B’Elanna’s eyes widen. “Seven-”

“I understand if it is not reciprocated,” Seven says. She nods her head, as though making up her mind. “I will leave.”

“Seven!” B’Elanna’s hand grasps hers, and Seven glances back, a loose strand of blonde hair falling into her eyes. B’Elanna pulls her close and brushes it off her face, cupping her cheek in one hand.

Seven doesn’t know what to think.

“I love you too,” she says, and then, on her tiptoes, she presses a kiss to Seven’s lips and stains them red again. This time, however, it is with lipstick and not blood, and Seven finds the sensation almost… pleasant.

She pulls back after a moment, looking down at B’Elanna’s warm brown eyes. She wants to do that again. She wants to do it over and over again, every day, for as long as she flies through the stars.

“Lieutenant Torres,” she says. “B’Elanna. May I kiss you?”

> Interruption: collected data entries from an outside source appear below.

(* Let $F_6$ be the graph on vertices $a,b,c,d,e,f$ with edges $ab,ac,bc,ad,bd,be,ce,af,cf$, and let $(K_3)'_2$ be the graph obtained from the blow-up $P[K_2]$ of the path $P=u\,w\,v$ on three vertices by adding one edge between a vertex of the copy of $K_2$ replacing $u$ and a vertex of the copy of $K_2$ replacing $v$. If $G$ is a regular $K_3$-saturated graph, then $G[K_2]$ is a regular $F$-saturated graph for every graph $F$ such that $F$ contains a copy of $F_6$ and $(K_3)'_2$ contains a copy of $F$. In particular, $\liminf_{n\to\infty}\frac{\mathrm{rsat}(n,F)}{n^2}=0$ for every such $F$.
   Context: All graphs are finite and simple. For graphs $G,H$, the blow-up $G[H]$ is obtained by replacing each vertex of $G$ by a copy of $H$ and, for every edge $uv$ of $G$, adding all edges between the corresponding copies. A graph $G$ is $F$-saturated if it contains no copy of $F$ but adding any edge between non-adjacent vertices creates a copy of $F$. $\mathrm{rsat}(n,F)$ is the smallest number of edges of a regular $n$-vertex $F$-saturated graph, the $\liminf$ being over $n$ for which it is defined. *)

From mathcomp Require Import all_boot.
Set Implicit Arguments. Unset Strict Implicit. Unset Printing Implicit Defensive.

Definition simple_graph (T : finType) (e : rel T) : Prop :=
  symmetric e /\ irreflexive e.

Definition contains (V T : finType) (f : rel V) (e : rel T) : Prop :=
  exists g : V -> T, injective g /\ forall u v, f u v -> e (g u) (g v).

Definition add_edge (T : finType) (e : rel T) (x y : T) : rel T :=
  fun u v => [|| e u v, (u == x) && (v == y) | (u == y) && (v == x)].

Definition saturated (V T : finType) (f : rel V) (e : rel T) : Prop :=
  ~ contains f e /\
  forall x y : T, x != y -> ~~ e x y -> contains f (add_edge e x y).

Definition regular (T : finType) (e : rel T) : Prop :=
  exists k, forall v : T, #|[set w | e v w]| = k.

Definition blowup (T U : finType) (e : rel T) (h : rel U) : rel (T * U) :=
  fun p q => e p.1 q.1 || ((p.1 == q.1) && h p.2 q.2).

Definition K2 : rel bool := fun a b => a != b.
Definition K3 : rel 'I_3 := fun i j => i != j.

(* F_6 on a,b,c,d,e,f = 0,...,5 *)
Definition F6_edges : seq (nat * nat) :=
  [:: (0,1); (0,2); (1,2); (0,3); (1,3); (1,4); (2,4); (0,5); (2,5)].
Definition F6 : rel 'I_6 :=
  fun i j => ((val i, val j) \in F6_edges) || ((val j, val i) \in F6_edges).

(* path u w v = 0 1 2 *)
Definition P3 : rel 'I_3 :=
  fun i j => (val i == (val j).+1) || (val j == (val i).+1).

Definition K3'2 : rel ('I_3 * bool) :=
  fun p q => blowup P3 K2 p q ||
    [&& (val p.1 == 0) , (val q.1 == 2) , ~~ p.2 & ~~ q.2] ||
    [&& (val p.1 == 2) , (val q.1 == 0) , ~~ p.2 & ~~ q.2].

Definition nedges (n : nat) (e : rel 'I_n) : nat :=
  #|[set p : 'I_n * 'I_n | e p.1 p.2 && (val p.1 < val p.2)]|.

(* rsat n F = m : the minimum number of edges of a regular n-vertex
   F-saturated graph is m (rsat n F is defined iff such m exists). *)
Definition rsat_is (V : finType) (f : rel V) (n m : nat) : Prop :=
  (exists e : rel 'I_n, simple_graph e /\ regular e /\ saturated f e /\ nedges e = m) /\
  (forall e : rel 'I_n, simple_graph e -> regular e -> saturated f e -> m <= nedges e).

(** Let G be K3-saturated.  If (v, b) and (w, c) are non-adjacent in G[K2], then v, w are
    distinct and non-adjacent in G, so they have a common neighbour z; the fibers over the
    path v z w span a copy of P[K2], and the new edge joins its two end fibers, which
    yields (K3)'_2 and hence F.  On the other hand G[K2] contains no F6, hence no F: since
    G is triangle-free, every triangle of G[K2] has two vertices in a common fiber, and a
    fiber has only two vertices.  If a and b of F6 share a fiber, then triangle bce forces
    c and e to share one, and then no pair of the triangle acf can; the rotation
    (a b c)(d e f) of F6 reduces the other pairs of the triangle abc to this case.
    G[K2] is (2d+1)-regular when G is d-regular.

    For the density statement take for G the Kneser graph K(3j+2, j+1), which is regular
    and K3-saturated, of degree C(2j+1, j+1) <= (2/3)^(j+1) C(3j+2, j+1). *)

From Stdlib Require Import Classical Wf_nat.
From mathcomp Require Import all_boot zify.
Set Implicit Arguments. Unset Strict Implicit. Unset Printing Implicit Defensive.

Lemma contains_trans (U V W : finType) (h : rel U) (f : rel V) (e : rel W) :
  contains h f -> contains f e -> contains h e.
Proof.
move=> [g1 [g1_inj g1_hom]] [g2 [g2_inj g2_hom]].
by exists (g2 \o g1); split=> [x y /g2_inj /g1_inj | u v /g1_hom /g2_hom].
Qed.

Lemma eq_contains (V T : finType) (f : rel V) (r r' : rel T) :
  r =2 r' -> contains f r -> contains f r'.
Proof. by move=> rr' [g [g_inj g_hom]]; exists g; split=> // u v /g_hom; rewrite rr'. Qed.

Lemma K3_third (i j : 'I_3) : i != j -> exists k : 'I_3, (k != i) && (k != j).
Proof.
have := ltn_ord i; have := ltn_ord j; rewrite -val_eqE /= => lt_j3 lt_i3 ij.
have lt_k : 3 - i - j < 3 by lia.
by exists (Ordinal lt_k); rewrite -!val_eqE /=; lia.
Qed.

Lemma contains_K3 (T : finType) (e : rel T) (x y z : T) :
  simple_graph e -> e x y -> e y z -> e x z -> contains K3 e.
Proof.
move=> [e_sym e_irr] xy yz xz; pose g (i : 'I_3) := nth x [:: x; y; z] i.
have g_hom (i j : 'I_3) : K3 i j -> e (g i) (g j).
  by case: i j => [[|[|[|?]]] ?] [[|[|[|?]]] ?] // _; rewrite /g /= e_sym.
exists g; split=> // i j gij; apply/eqP; apply: contraT => /g_hom.
by rewrite gij e_irr.
Qed.

Section AddEdge.
Variables (T : finType) (e : rel T) (x y : T).

Lemma add_edge_sub u v : e u v -> add_edge e x y u v.
Proof. by rewrite /add_edge => ->. Qed.

Lemma add_edge_notl u v : u != x -> u != y -> add_edge e x y u v = e u v.
Proof. by rewrite /add_edge => /negbTE-> /negbTE->; rewrite !orbF. Qed.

“I thought you’d never ask,” B’Elanna replies, pulling her into a close embrace. Their lips meet, mouths crash together, and Seven finds herself relaxing into B’Elanna’s arms, no longer so rigid and set in her ways.

B’Elanna tastes like leola root and cinnamon, and Seven finds her hands wandering B’Elanna’s waist, her hips, sliding up her tank top and feeling the smooth skin underneath. Where there should be a mess of scarring, the Doctor has left B’Elanna with flawless, perfect skin.

Like it never happened.

Seven’s combadge chirps once again and this time it is Captain Janeway’s voice she hears.

“Seven. You’re needed in Engineering. Bring Torres if you know where she is.”

Something in Janeway’s voice tells both women that she knows exactly where they are and what they’re doing.

“Affirmative, Captain,” Seven says. She looks down at B’Elanna and feels her lips twitch upwards, almost into a smile. “Shall we pursue this endeavour later?”

“I would like nothing more,” B’Elanna replies, pulling on her uniform shirt. “Let’s get going. I hate to leave the captain waiting.”